▸ EXERCISE AIM
Please transcribe the data exactly, with nothing left out.

Collected data:

►

(* Formal Laurent series in T^{-1} over a ring R, i.e. elements of R((T^{-1})).
   [LSer d s] represents  sum_{k >= 0} s k * T^(d - k).
   Every element of R((T^{-1})) has such a representation (pad with zeros). *)
Record lser (R : Type) := LSer { ldeg : nat; lcoef : nat -> R }.

Section LSer.
Variable R : nzRingType.

Definition lcoefT (f : lser R) (n : int) : R :=
  if n <= (ldeg f)%:Z then lcoef f `|(ldeg f)%:Z - n|%N else 0.

Definition lconst (c : R) : lser R := LSer 0 (fun k => if k == 0%N then c else 0).

Definition ladd (f g : lser R) : lser R :=
  let d := maxn (ldeg f) (ldeg g) in
  LSer d (fun k => lcoefT f (d%:Z - k%:Z) + lcoefT g (d%:Z - k%:Z)).

Definition lopp (f : lser R) : lser R := LSer (ldeg f) (fun k => - lcoef f k).

Definition lmul (f g : lser R) : lser R :=
  LSer (ldeg f + ldeg g)
       (fun k => \sum_(i < k.+1) lcoef f i * lcoef g (k - i)).

Definition lexp (f : lser R) (n : nat) : lser R := iter n (lmul f) (lconst 1).

Definition leq_ser (f g : lser R) : Prop := forall n : int, lcoefT f n = lcoefT g n.

Definition lT : lser R := LSer 1 (fun k => if k == 0%N then 1 else 0).

Definition lTinv : lser R := LSer 0 (fun k => if k == 1%N then 1 else 0).

End LSer.

Inductive in_gen_alg (K : fieldType) (gens : lser K -> Prop) : lser K -> Prop :=
| gen_const c : in_gen_alg gens (lconst c)
| gen_gen f : gens f -> in_gen_alg gens f
| gen_add f g : in_gen_alg gens f -> in_gen_alg gens g -> in_gen_alg gens (ladd f g)
| gen_mul f g : in_gen_alg gens f -> in_gen_alg gens g -> in_gen_alg gens (lmul f g)
| gen_ext f g : in_gen_alg gens f -> leq_ser f g -> in_gen_alg gens g.

Definition is_intK (K : fieldType) (c : K) : Prop := exists z : int, c = z%:~R.

Definition int_ser (K : fieldType) (f : lser K) : Prop :=
  forall n : int, is_intK (lcoefT f n).

Definition int_neg_ser (K : fieldType) (f : lser K) : Prop :=
  int_ser f /\ forall n : int, 0 <= n -> lcoefT f n = 0.

Definition one_plus_int_neg_ser (K : fieldType) (f : lser K) : Prop :=
  int_ser f /\ lcoefT f 0 = 1 /\ forall n : int, 0 < n -> lcoefT f n = 0.

Definition unit_Zp (p : nat) (e : rat) : Prop :=
  ~~ (p%:Z %| numq e)%Z /\ ~~ (p%:Z %| denq e)%Z.

Definition xT (K : fieldType) (u : lser K) : lser K := lmul (lexp (lT K) 2) u.
Definition yT (K : fieldType) (g : nat) (u : lser K) : lser K :=
  lopp (lmul (lT K) (lexp (xT u) g)).

From HB Require Import structures.
From mathcomp Require Import all_boot all_order all_algebra.
From mathcomp Require Import boolp zify ring.
Import Order.TTheory GRing.Theory Num.Theory.
Local Open Scope ring_scope.
Set Implicit Arguments. Unset Strict Implicit.

(* Put s = T^-1 and write elements of R((T^-1)) as T^m F(s) with F a power
   series in s.  Then u = U(s) with U(0) = 1, and the defining relation of u
   reads U^(2g-1) = s^(4g) + B with B = U^(2g).  For p = 4gk + 1 and
   j = (2g-1)k this gives B^j = (s^(4g) + B)^(j+k).  As x = T^2 U and
   y = -T^(2g+1) U^g, multiplying the binomial terms of index j + i by T^p B^-j
   gives C(j+k, j) T for i = 0 and the monomials -C(j+k, j+i) y x^(g(2i-1)) of a
   for 0 < i <= k, while the terms of index < j are divisible by s^(4g(k+1)),
   so that they only contribute to T^p O(s^(p+1)), which lies in T^-1 Z[[T^-1]].
   Finally C(j+k, j) is prime to p since j + k = 2gk < p. *)

Section PowerSeries.
Variable R : comNzRingType.

Definition pser := nat -> R.
HB.instance Definition _ := gen_eqMixin pser.
HB.instance Definition _ := gen_choiceMixin pser.

Definition pser0 : pser := fun _ => 0.
Definition pser_add (f g : pser) : pser := fun k => f k + g k.
Definition pser_opp (f : pser) : pser := fun k => - f k.

Lemma pser_addA : associative pser_add.
Proof. by move=> f g h; apply: funext => k; rewrite /pser_add addrA. Qed.
Lemma pser_addC : commutative pser_add.
Proof. by move=> f g; apply: funext => k; rewrite /pser_add addrC. Qed.
Lemma pser_add0 : left_id pser0 pser_add.
Proof. by move=> f; apply: funext => k; rewrite /pser_add add0r. Qed.
Lemma pser_addN : left_inverse pser0 pser_opp pser_add.
Proof. by move=> f; apply: funext => k; rewrite /pser_add addNr. Qed.
HB.instance Definition _ :=
  GRing.isZmodule.Build pser pser_addA pser_addC pser_add0 pser_addN.

Definition ptrunc (f : pser) n : {poly R} := \poly_(i < n) f i.
Definition pserC (c : R) : pser := fun k => if k == 0%N then c else 0.

(* The coefficient of X^n of f * g only involves the first n + 1 coefficients,
   so the ring laws are inherited from {poly R} through truncations. *)
Definition pser_mul (f g : pser) : pser :=
  fun n => (ptrunc f n.+1 * ptrunc g n.+1)`_n.

Lemma coefM_agree (p p' q q' : {poly R}) n :
  (forall i, (i <= n)%N -> p`_i = p'`_i) ->
  (forall i, (i <= n)%N -> q`_i = q'`_i) ->
  (p * q)`_n = (p' * q')`_n.
Proof.
move=> Ep Eq; rewrite !coefM; apply: eq_bigr => i _.
by rewrite Ep -1?ltnS // Eq // leq_subr.
Qed.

◄

▸ RESPONSE AREA
(* Formal Laurent series in T^{-1} over a ring R, i.e. elements of R((T^{-1})).
   [LSer d s] represents  sum_{k >= 0} s k * T^(d - k).
   Every element of R((T^{-1})) has such a representation (pad with zeros). *)
Record lser (R : Type) := LSer { ldeg : nat; lcoef : nat -> R }.

Section LSer.
Variable R : nzRingType.

Definition lcoefT (f : lser R) (n : int) : R :=
  if n <= (ldeg f)%:Z then lcoef f `|(ldeg f)%:Z - n|%N else 0.

Definition lconst (c : R) : lser R := LSer 0 (fun k => if k == 0%N then c else 0).

Definition ladd (f g : lser R) : lser R :=
  let d := maxn (ldeg f) (ldeg g) in
  LSer d (fun k => lcoefT f (d%:Z - k%:Z) + lcoefT g (d%:Z - k%:Z)).

Definition lopp (f : lser R) : lser R := LSer (ldeg f) (fun k => - lcoef f k).

Definition lmul (f g : lser R) : lser R :=
  LSer (ldeg f + ldeg g)
       (fun k => \sum_(i < k.+1) lcoef f i * lcoef g (k - i)).

Definition lexp (f : lser R) (n : nat) : lser R := iter n (lmul f) (lconst 1).

Definition leq_ser (f g : lser R) : Prop := forall n : int, lcoefT f n = lcoefT g n.

Definition lT : lser R := LSer 1 (fun k => if k == 0%N then 1 else 0).

Definition lTinv : lser R := LSer 0 (fun k => if k == 1%N then 1 else 0).

End LSer.

Inductive in_gen_alg (K : fieldType) (gens : lser K -> Prop) : lser K -> Prop :=
| gen_const c : in_gen_alg gens (lconst c)
| gen_gen f : gens f -> in_gen_alg gens f
| gen_add f g : in_gen_alg gens f -> in_gen_alg gens g -> in_gen_alg gens (ladd f g)
| gen_mul f g : in_gen_alg gens f -> in_gen_alg gens g -> in_gen_alg gens (lmul f g)
| gen_ext f g : in_gen_alg gens f -> leq_ser f g -> in_gen_alg gens g.

Definition is_intK (K : fieldType) (c : K) : Prop := exists z : int, c = z%:~R.

Definition int_ser (K : fieldType) (f : lser K) : Prop :=
  forall n : int, is_intK (lcoefT f n).

Definition int_neg_ser (K : fieldType) (f : lser K) : Prop :=
  int_ser f /\ forall n : int, 0 <= n -> lcoefT f n = 0.

Definition one_plus_int_neg_ser (K : fieldType) (f : lser K) : Prop :=
  int_ser f /\ lcoefT f 0 = 1 /\ forall n : int, 0 < n -> lcoefT f n = 0.

Definition unit_Zp (p : nat) (e : rat) : Prop :=
  ~~ (p%:Z %| numq e)%Z /\ ~~ (p%:Z %| denq e)%Z.

Definition xT (K : fieldType) (u : lser K) : lser K := lmul (lexp (lT K) 2) u.
Definition yT (K : fieldType) (g : nat) (u : lser K) : lser K :=
  lopp (lmul (lT K) (lexp (xT u) g)).

From HB Require Import structures.
From mathcomp Require Import all_boot all_order all_algebra.
From mathcomp Require Import boolp zify ring.
Import Order.TTheory GRing.Theory Num.Theory.
Local Open Scope ring_scope.
Set Implicit Arguments. Unset Strict Implicit.

(* Put s = T^-1 and write elements of R((T^-1)) as T^m F(s) with F a power
   series in s.  Then u = U(s) with U(0) = 1, and the defining relation of u
   reads U^(2g-1) = s^(4g) + B with B = U^(2g).  For p = 4gk + 1 and
   j = (2g-1)k this gives B^j = (s^(4g) + B)^(j+k).  As x = T^2 U and
   y = -T^(2g+1) U^g, multiplying the binomial terms of index j + i by T^p B^-j
   gives C(j+k, j) T for i = 0 and the monomials -C(j+k, j+i) y x^(g(2i-1)) of a
   for 0 < i <= k, while the terms of index < j are divisible by s^(4g(k+1)),
   so that they only contribute to T^p O(s^(p+1)), which lies in T^-1 Z[[T^-1]].
   Finally C(j+k, j) is prime to p since j + k = 2gk < p. *)

Section PowerSeries.
Variable R : comNzRingType.

Definition pser := nat -> R.
HB.instance Definition _ := gen_eqMixin pser.
HB.instance Definition _ := gen_choiceMixin pser.

Definition pser0 : pser := fun _ => 0.
Definition pser_add (f g : pser) : pser := fun k => f k + g k.
Definition pser_opp (f : pser) : pser := fun k => - f k.

Lemma pser_addA : associative pser_add.
Proof. by move=> f g h; apply: funext => k; rewrite /pser_add addrA. Qed.
Lemma pser_addC : commutative pser_add.
Proof. by move=> f g; apply: funext => k; rewrite /pser_add addrC. Qed.
Lemma pser_add0 : left_id pser0 pser_add.
Proof. by move=> f; apply: funext => k; rewrite /pser_add add0r. Qed.
Lemma pser_addN : left_inverse pser0 pser_opp pser_add.
Proof. by move=> f; apply: funext => k; rewrite /pser_add addNr. Qed.
HB.instance Definition _ :=
  GRing.isZmodule.Build pser pser_addA pser_addC pser_add0 pser_addN.

Definition ptrunc (f : pser) n : {poly R} := \poly_(i < n) f i.
Definition pserC (c : R) : pser := fun k => if k == 0%N then c else 0.

(* The coefficient of X^n of f * g only involves the first n + 1 coefficients,
   so the ring laws are inherited from {poly R} through truncations. *)
Definition pser_mul (f g : pser) : pser :=
  fun n => (ptrunc f n.+1 * ptrunc g n.+1)`_n.

Lemma coefM_agree (p p' q q' : {poly R}) n :
  (forall i, (i <= n)%N -> p`_i = p'`_i) ->
  (forall i, (i <= n)%N -> q`_i = q'`_i) ->
  (p * q)`_n = (p' * q')`_n.
Proof.
move=> Ep Eq; rewrite !coefM; apply: eq_bigr => i _.
by rewrite Ep -1?ltnS // Eq // leq_subr.
Qed.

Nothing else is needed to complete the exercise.